Message par energy_isere » 12 mai 2019, 22:22

Côte d'Ivoire: une nouvelle usine ultramoderne construite sur la mine d'or d'Ity

par RFI 11 Mai 2019

La compagnie canadienne Endeavour Mining a inauguré cette semaine une nouvelle usine sur la mine d'or ivoirienne d'Ity. Un investissement de 412 millions de dollars pour prolonger, grâce à des techniques de pointe, l'exploitation de la plus ancienne mine d'or du pays qui a tendance à s'épuiser. Le procédé utilisé va permettre d'extraire 5 à 6 tonnes d'or supplémentaire pendant une dizaine d'années et donc de garantir la pérennisation d'un millier d'emplois directs sur le site. Cet investissement est aussi le fruit d'une politique volontariste de la part de l'État ivoirien qui entend développer un potentiel aurifère encore largement sous-exploité.

Il existe en Afrique de l'Ouest un axe volcano-sédimentaire qui va du Ghana au Burkina Faso, en passant par le Mali et la Côte d'Ivoire et qui recèle d'importantes réserves en or.

Le Ghana est devenu l'an dernier le premier producteur africain de métal jaune, avec 158 tonnes extraites, le Mali et le Burkina Faso le talonnent de près.

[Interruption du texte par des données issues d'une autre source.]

Definition linf_pos (F : set X) (phi : {a : X | F a} -> R) : Prop :=
  (forall a, 0 <= phi a) /\ (exists M : R, forall a, phi a <= M).

Definition supnorm (F : set X) (phi : {a : X | F a} -> R) : R :=
  sup (range (fun a => `|phi a|)).

Definition F_cmc (F : set X) (f : ({a : X | F a} -> R) -> R) : Prop :=
  (forall phi, linf_pos phi -> 0 <= f phi) /\
  (forall phi1 phi2 (t : R), linf_pos phi1 -> linf_pos phi2 -> 0 <= t -> t <= 1 ->
     f (fun a => t * phi1 a + (1 - t) * phi2 a) <= t * f phi1 + (1 - t) * f phi2) /\
  (forall phi1 phi2, linf_pos phi1 -> linf_pos phi2 ->
     (forall a, phi1 a <= phi2 a) -> f phi1 <= f phi2) /\
  (forall M : R, exists K : R, forall phi, linf_pos phi ->
     K <= supnorm phi -> M <= f phi).

Definition r_f (F : set X) (f : ({a : X | F a} -> R) -> R) (x : X) : R :=
  f (fun a => `|x - sval a|).

Definition rad (F : set X) (f : ({a : X | F a} -> R) -> R) (V : set X) : R :=
  inf [set r_f f v | v in V].

Definition weak_Fcmc_SACP (V : set X) : Prop :=
  forall F : set X, F !=set0 -> closed F -> [bounded a | a in F] ->
  forall f : ({a : X | F a} -> R) -> R, F_cmc f ->
  forall v : nat -> X, (forall n, V (v n)) ->
    (fun n => r_f f (v n)) @ \oo --> rad f V ->
    exists (sigma : nat -> nat) (x : X),
      {homo sigma : m n / (m < n)%N >-> (m < n)%N} /\ weak_cvg (v \o sigma) x.
End Defs.

From Pilot Require Import Defs.
From HB Require Import structures.
From mathcomp Require Import all_boot all_order all_algebra.
From mathcomp Require Import all_classical all_reals all_analysis.
From mathcomp Require Import lra.

(* A sequence minimizing [r_f f] is bounded: by coercivity, a large [|v|]
   makes [sup_(a in F) |v - a|], hence [r_f f v], large.  So it suffices that
   bounded sequences in a reflexive space have weakly convergent subsequences.
   Along an ultrafilter refining the Frechet filter, [phi (u n)] converges for
   every [phi] in X^*; the limit is a bounded linear functional of [phi], i.e.
   evaluation at some [x] by reflexivity.  To replace the ultrafilter by a
   subsequence, take norming functionals [psi c] (Hahn-Banach) for the
   countably many rational combinations of the [u n], which are dense in their
   span, and extract diagonally so that every [psi c (u (sigma n))] tends to
   [psi c x].  Another weak cluster point [x'] of [u \o sigma] then agrees with
   [x] on every [psi c] and on every functional vanishing on all [u n]; by
   Hahn-Banach for the distance to the span this forces [x' = x]. *)

Set Implicit Arguments. Unset Strict Implicit. Unset Printing Implicit Defensive.
Import Order.TTheory GRing.Theory Num.Theory.
Import numFieldNormedType.Exports.
Local Open Scope classical_set_scope.
Local Open Scope ring_scope.

Section RealInf.
Variable R : realType.

Lemma inf_le_scale (S1 S2 : set R) a : 0 < a -> S1 !=set0 -> has_lbound S2 ->
  (forall s, S1 s -> S2 (a * s)) -> inf S2 <= a * inf S1.
Proof.
move=> a0 S1ne S2lb aS; rewrite -ler_pdivrMl //.
apply: lb_le_inf => // s /aS /(ge_inf S2lb).
by rewrite ler_pdivrMl.
Qed.

Lemma le_inf_add (S1 S2 : set R) c : S1 !=set0 -> S2 !=set0 ->
  (forall s t, S1 s -> S2 t -> c <= s + t) -> c <= inf S1 + inf S2.
Proof.
move=> S1ne S2ne cS; rewrite -lerBlDl; apply: lb_le_inf => // t S2t.
rewrite lerBlDl -lerBlDr; apply: lb_le_inf => // s S1s.
by rewrite lerBlDr; exact: cS.
Qed.

Lemma inf_min (S : set R) m : S m -> lbound S m -> inf S = m.
Proof.
move=> Sm mS; apply/eqP; rewrite eq_le lb_le_inf ?andbT //; last by exists m.
by apply: ge_inf => //; exists m.
Qed.

End RealInf.

Section HahnBanach.
Variables (R : realType) (V : lmodType R).

Definition sublinear (p : V -> R) :=
  (forall x y, p (x + y) <= p x + p y) /\ (forall a x, 0 <= a -> p (a *: x) = a * p x).

Definition linear_functional (f : V -> R) :=
  forall a x y, f (a *: x + y) = a * f x + f y.

Lemma sublinear0 p : sublinear p -> p 0 = 0.
Proof. by case=> _ pZ; rewrite -(scale0r 0) pZ // mul0r. Qed.

Lemma sublinear_oppr_le p : sublinear p -> forall x, - p (- x) <= p x.
Proof.
move=> sp x; have := sp.1 x (- x).
by rewrite subrr (sublinear0 sp) -lerBlDr sub0r.
Qed.

Lemma linear_functional0 f : linear_functional f -> f 0 = 0.
Proof. by move=> lf; have := lf 1 0 0; rewrite scale1r addr0 mul1r; lra. Qed.

Lemma linear_functionalN f : linear_functional f -> forall x, f (- x) = - f x.
Proof.
move=> lf x; have := lf (-1) x 0.
by rewrite addr0 linear_functional0 // addr0 scaleN1r mulN1r.
Qed.
Definition kron3 (A B C : 'M[int]_2) : 'M[int]_8 :=
  \matrix_(i < 8, j < 8)
    (A (bit1 i) (bit1 j) * B (bit2 i) (bit2 j) * C (bit3 i) (bit3 j)).

(* index type of the elements sigma_M of L: M = M1 (x) M2 (x) M3 *)
Definition Lidx := ('I_4 * 'I_4 * 'I_4)%type.
Definition Lmat (k : Lidx) : 'M[int]_8 :=
  kron3 (pauli k.1.1) (pauli k.1.2) (pauli k.2).

Definition Lmaps (k : Lidx) (a x : vec) : bool := same_vertex (Lmat k *m a) x.

Definition inLorbit (a x : vec) : bool := [exists k : Lidx, Lmaps k a x].

(* V_i is the orbit of v_{w_i}. *)
Definition Ltransversal (w : 'I_15 -> vec) : Prop :=
  [/\ forall i, is_root (w i),
      forall x, is_root x -> exists i, inLorbit (w i) x
    & forall i j, inLorbit (w i) (w j) -> i = j].

Definition adjGw (w : 'I_15 -> vec) (s t : vec) : bool :=
  [exists i : 'I_15, exists j : 'I_15,
     [&& inLorbit (w i) s, inLorbit (w j) t &
         if dot (w i) (w j) != 0 then adjE8 s t else ~~ adjE8 s t]].

From HB Require Import structures.
From mathcomp Require Import all_boot all_order all_algebra.
From mathcomp Require Import zify ring.
Set Implicit Arguments. Unset Strict Implicit. Unset Printing Implicit Defensive.
Import Order.TTheory GRing.Theory Num.Theory.
Local Open Scope ring_scope.

(* Each sigma_M is a signed permutation matrix, so L acts by isometries and, up
   to sign, as the group Z_2^6 (Pauli indices multiply by xor). Preserving inner
   products and each orbit V_i, it acts on G^w by automorphisms; that it maps
   roots to roots is checked on orbit representatives.
   For the non-edges, write the four roots as images of representatives r, r':
   w_i ~ sigma_a r, x ~ sigma_a' r, w_j ~ sigma_b r' and y ~ sigma_b' r'.
   Non-adjacency of v_x and v_y says that f(d) = [<r, sigma_d r'> = 0] takes the
   same value at a'b' as at ab, while (v_x, v_y) lies in the L-orbit of
   (v_(w_i), v_(w_j)) iff (a'b')(ab) lies in H = Stab(r) Stab(r'). A computation
   over the 15 representatives shows that f(d) = f(1) exactly when d lies in H,
   and that H has index at most 2 when r <> r'; when r = r' we have i = j and
   may take a = b. Either way, (a'b')(ab) lies in H iff a'b' and ab are both in
   H or both outside it. *)

(** * Pauli matrices as signed permutations *)

Definition pauli_flip (p : 'I_4) (a : nat) : nat :=
  if (val p == 1%N) || (val p == 2%N) then (1 - a)%N else a.

Definition pauli_sign (p : 'I_4) (a : nat) : int :=
  match val p with
  | 2 => if a == 0%N then -1 else 1
  | 3 => if a == 0%N then 1 else -1
  | _ => 1
  end.

Lemma pauliE p (a b : 'I_2) :
  pauli p a b = if b == pauli_flip p a :> nat then pauli_sign p a else 0.
Proof.
rewrite /pauli /matY /matX /matZ /matI.
case: p => [[|[|[|[|//]]]] ?] /=; rewrite ?mxE ?big_ord_recl ?big_ord0 ?mxE;
  by case: a => [[|[|//]] ?]; case: b => [[|[|//]] ?].
Qed.

Lemma pauli_mul_subproof (p q : 'I_4) : (Nat.lxor p q < 4)%N.
Proof. by case: p => [[|[|[|[|//]]]] ?]; case: q => [[|[|[|[|//]]]] ?]. Qed.

(* With I, X, Y, Z numbered 0, 1, 2, 3, the product of two Pauli matrices is,
   up to sign, the Pauli matrix whose index is the xor of their indices. *)
Definition pauli_mul (p q : 'I_4) : 'I_4 := Ordinal (pauli_mul_subproof p q).

Definition pauli_mul_sign (p q : 'I_4) : int :=
  pauli_sign p 0 * pauli_sign q (pauli_flip p 0) * pauli_sign (pauli_mul p q) 0.

Ltac case_pauli p := case: p => [[|[|[|[|//]]]] ?].

Lemma pauli_mulC : commutative pauli_mul.
Proof. by move=> p q; apply: val_inj; case_pauli p; case_pauli q. Qed.

Lemma pauli_mulA : associative pauli_mul.
Proof. by move=> p q s; apply: val_inj; case_pauli p; case_pauli q; case_pauli s. Qed.

Lemma pauli_mul0p p : pauli_mul ord0 p = p.
Proof. by apply: val_inj; case_pauli p. Qed.

Lemma pauli_mulpp p : pauli_mul p p = ord0.
Proof. by apply: val_inj; case_pauli p. Qed.

Lemma pauli_flip_lt p a : (a < 2)%N -> (pauli_flip p a < 2)%N.
Proof. by rewrite /pauli_flip; case: ifP; lia. Qed.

Mais la Côte d'Ivoire, elle, n'a pas encore exploité tout son potentiel, loin de là. Le pays a pourtant d'énormes réserves prouvées, plus de 600 tonnes, et sans doute bien davantage selon les experts.

Dès 2014, Abidjan a mis en place une politique attractive : nouveau code minier, délivrance à la pelle de permis d'exploration, plus d'une centaine, et politique fiscale avantageuse. Les géants du secteur comme le Canadien Endeavour Mining et l'anglais Rangold sont arrivés en force. Ils exploitent déjà 5 mines dans le pays.

Entre 2009 et 2018, la production nationale est donc passée de 7 à 25 tonnes, l'objectif du gouvernement étant de franchir les 30 tonnes d'or d'ici l'an prochain. Mais cette exploitation ne va pas sans problèmes. Certaines communautés rechignent à laisser leurs terres aux compagnies minières, les conflits fonciers se multiplient. Par ailleurs, l'État a du mal à endiguer une exploitation clandestine qui prend des proportions inquiétantes.